Stored items:
┄┄┄┄┄┄┄┄┄┄
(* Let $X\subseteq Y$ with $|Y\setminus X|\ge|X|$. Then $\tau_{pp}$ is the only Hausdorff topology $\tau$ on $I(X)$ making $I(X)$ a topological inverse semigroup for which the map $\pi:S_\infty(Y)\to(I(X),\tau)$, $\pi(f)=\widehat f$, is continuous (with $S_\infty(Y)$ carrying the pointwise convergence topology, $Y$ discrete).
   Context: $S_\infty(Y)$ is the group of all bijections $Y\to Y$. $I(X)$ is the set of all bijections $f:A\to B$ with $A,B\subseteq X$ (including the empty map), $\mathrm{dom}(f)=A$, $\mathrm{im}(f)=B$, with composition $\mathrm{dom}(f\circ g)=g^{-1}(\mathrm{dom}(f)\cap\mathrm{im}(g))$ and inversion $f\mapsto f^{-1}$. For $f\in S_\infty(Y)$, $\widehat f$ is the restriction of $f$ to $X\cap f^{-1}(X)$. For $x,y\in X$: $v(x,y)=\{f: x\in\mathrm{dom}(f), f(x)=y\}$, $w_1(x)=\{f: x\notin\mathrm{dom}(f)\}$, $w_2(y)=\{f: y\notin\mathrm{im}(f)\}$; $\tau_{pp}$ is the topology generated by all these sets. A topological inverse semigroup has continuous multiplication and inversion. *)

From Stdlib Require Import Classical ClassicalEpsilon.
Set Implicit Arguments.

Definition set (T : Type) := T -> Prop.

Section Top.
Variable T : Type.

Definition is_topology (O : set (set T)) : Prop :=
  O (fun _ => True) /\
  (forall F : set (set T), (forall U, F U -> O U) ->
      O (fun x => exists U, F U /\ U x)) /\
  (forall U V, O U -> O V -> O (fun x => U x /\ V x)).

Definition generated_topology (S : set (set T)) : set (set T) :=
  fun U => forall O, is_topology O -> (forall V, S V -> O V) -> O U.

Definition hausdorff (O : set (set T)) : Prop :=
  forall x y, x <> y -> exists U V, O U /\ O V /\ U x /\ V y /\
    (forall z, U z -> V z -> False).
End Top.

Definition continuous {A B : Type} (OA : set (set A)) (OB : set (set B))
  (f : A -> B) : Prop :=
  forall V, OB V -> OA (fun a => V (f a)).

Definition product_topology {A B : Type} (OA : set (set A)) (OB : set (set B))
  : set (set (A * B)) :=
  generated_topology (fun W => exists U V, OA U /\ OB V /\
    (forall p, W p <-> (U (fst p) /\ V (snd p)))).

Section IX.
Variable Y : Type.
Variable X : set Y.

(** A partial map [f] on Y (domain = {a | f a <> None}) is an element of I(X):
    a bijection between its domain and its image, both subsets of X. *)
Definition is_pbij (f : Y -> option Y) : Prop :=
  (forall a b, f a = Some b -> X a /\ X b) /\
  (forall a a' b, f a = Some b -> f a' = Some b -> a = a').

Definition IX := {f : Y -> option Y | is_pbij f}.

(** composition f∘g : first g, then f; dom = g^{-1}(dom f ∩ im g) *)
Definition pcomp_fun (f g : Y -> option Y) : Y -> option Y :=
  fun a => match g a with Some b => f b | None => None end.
┄┄┄┄┄┄┄┄┄┄
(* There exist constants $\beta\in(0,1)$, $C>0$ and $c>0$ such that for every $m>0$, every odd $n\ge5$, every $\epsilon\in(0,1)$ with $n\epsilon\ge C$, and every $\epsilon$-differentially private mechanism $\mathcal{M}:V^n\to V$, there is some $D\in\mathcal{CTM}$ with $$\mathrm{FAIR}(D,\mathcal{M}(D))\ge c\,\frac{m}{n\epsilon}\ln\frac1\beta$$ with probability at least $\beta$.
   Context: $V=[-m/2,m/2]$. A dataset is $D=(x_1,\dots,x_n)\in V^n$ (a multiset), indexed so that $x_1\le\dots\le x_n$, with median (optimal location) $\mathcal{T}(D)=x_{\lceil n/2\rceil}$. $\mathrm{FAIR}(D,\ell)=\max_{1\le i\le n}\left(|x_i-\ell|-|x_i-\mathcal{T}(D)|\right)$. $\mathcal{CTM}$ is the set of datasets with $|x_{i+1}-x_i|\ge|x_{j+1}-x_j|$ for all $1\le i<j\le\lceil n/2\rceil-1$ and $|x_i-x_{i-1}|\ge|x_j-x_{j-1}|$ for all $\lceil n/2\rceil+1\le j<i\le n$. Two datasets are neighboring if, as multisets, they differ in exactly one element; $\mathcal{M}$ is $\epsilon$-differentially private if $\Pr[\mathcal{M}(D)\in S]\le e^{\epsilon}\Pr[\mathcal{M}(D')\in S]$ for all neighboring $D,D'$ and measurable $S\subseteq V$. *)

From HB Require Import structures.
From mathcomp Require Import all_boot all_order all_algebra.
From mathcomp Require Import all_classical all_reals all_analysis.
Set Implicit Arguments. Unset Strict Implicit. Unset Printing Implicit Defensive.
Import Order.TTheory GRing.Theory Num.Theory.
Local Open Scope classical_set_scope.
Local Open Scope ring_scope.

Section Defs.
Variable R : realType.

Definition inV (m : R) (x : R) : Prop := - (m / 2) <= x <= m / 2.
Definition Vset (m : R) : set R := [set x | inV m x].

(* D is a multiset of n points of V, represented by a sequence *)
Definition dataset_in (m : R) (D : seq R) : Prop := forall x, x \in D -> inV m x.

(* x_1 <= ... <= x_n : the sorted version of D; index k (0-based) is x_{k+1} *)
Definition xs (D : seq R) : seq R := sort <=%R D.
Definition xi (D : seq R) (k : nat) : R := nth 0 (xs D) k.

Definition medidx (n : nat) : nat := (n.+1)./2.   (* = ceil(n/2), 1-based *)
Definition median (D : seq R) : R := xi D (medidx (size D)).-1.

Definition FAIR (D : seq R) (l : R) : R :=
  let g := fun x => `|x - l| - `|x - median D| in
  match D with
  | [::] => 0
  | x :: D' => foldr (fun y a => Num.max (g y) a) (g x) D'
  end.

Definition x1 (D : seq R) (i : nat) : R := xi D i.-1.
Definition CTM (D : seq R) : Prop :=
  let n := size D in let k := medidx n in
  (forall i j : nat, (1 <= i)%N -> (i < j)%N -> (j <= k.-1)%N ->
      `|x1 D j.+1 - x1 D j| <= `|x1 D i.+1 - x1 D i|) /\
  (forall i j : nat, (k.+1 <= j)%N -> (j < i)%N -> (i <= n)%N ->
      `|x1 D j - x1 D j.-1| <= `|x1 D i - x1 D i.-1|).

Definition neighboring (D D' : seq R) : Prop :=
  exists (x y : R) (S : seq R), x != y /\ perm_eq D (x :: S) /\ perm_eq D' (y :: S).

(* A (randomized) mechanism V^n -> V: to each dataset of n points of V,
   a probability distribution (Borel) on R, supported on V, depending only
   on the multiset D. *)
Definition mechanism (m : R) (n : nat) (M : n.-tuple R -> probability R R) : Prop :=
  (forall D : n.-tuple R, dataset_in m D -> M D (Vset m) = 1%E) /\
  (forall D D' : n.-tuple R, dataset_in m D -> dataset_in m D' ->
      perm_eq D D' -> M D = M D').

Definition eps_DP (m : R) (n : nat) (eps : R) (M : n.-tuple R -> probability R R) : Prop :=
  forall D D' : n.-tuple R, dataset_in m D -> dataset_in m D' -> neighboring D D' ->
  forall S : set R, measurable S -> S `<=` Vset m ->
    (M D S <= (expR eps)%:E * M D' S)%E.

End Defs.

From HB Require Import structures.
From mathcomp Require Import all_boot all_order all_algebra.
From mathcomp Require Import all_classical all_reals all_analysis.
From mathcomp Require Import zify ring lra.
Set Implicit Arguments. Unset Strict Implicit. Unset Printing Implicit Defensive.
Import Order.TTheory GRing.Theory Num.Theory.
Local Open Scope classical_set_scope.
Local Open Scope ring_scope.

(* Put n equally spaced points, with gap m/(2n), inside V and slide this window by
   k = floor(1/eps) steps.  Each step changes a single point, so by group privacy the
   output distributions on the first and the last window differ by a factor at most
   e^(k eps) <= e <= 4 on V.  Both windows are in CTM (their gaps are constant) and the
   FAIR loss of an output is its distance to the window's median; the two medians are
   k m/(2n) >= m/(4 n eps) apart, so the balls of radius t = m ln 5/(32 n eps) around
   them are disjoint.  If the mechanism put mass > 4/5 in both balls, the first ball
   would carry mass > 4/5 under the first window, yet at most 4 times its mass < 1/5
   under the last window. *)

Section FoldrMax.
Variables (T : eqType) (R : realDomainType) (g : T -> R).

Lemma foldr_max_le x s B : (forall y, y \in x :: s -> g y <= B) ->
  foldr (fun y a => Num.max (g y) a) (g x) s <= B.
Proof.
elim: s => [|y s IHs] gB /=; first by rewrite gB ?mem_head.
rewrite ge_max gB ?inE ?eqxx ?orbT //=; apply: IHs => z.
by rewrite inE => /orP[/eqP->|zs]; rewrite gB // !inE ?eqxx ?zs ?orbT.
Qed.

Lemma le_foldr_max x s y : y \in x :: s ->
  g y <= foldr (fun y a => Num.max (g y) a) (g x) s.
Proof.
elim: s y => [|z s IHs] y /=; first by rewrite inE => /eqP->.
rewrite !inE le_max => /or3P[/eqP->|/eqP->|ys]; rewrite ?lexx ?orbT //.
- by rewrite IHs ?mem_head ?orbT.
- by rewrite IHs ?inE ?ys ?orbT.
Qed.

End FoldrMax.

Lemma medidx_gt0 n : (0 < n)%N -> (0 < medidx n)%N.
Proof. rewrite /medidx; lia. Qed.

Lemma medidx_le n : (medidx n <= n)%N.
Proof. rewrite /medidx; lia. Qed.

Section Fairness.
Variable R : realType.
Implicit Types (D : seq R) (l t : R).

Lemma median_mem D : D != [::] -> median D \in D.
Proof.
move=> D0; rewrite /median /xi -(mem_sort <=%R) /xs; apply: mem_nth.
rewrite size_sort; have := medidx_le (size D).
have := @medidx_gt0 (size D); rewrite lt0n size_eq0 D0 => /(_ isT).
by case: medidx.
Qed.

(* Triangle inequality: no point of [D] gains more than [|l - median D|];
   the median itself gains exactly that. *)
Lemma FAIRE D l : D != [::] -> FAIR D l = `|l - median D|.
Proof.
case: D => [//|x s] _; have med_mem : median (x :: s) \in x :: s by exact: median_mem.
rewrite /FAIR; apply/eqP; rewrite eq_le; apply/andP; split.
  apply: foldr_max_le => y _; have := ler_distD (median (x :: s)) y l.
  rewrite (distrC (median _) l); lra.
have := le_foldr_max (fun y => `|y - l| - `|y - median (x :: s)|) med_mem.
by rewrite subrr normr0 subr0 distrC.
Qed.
┄┄┄┄┄┄┄┄┄┄
§ EXERCISE: From the data above, count the lines that hold the string "elim". Reply with only that number.

§ TASK OUTPUT: 2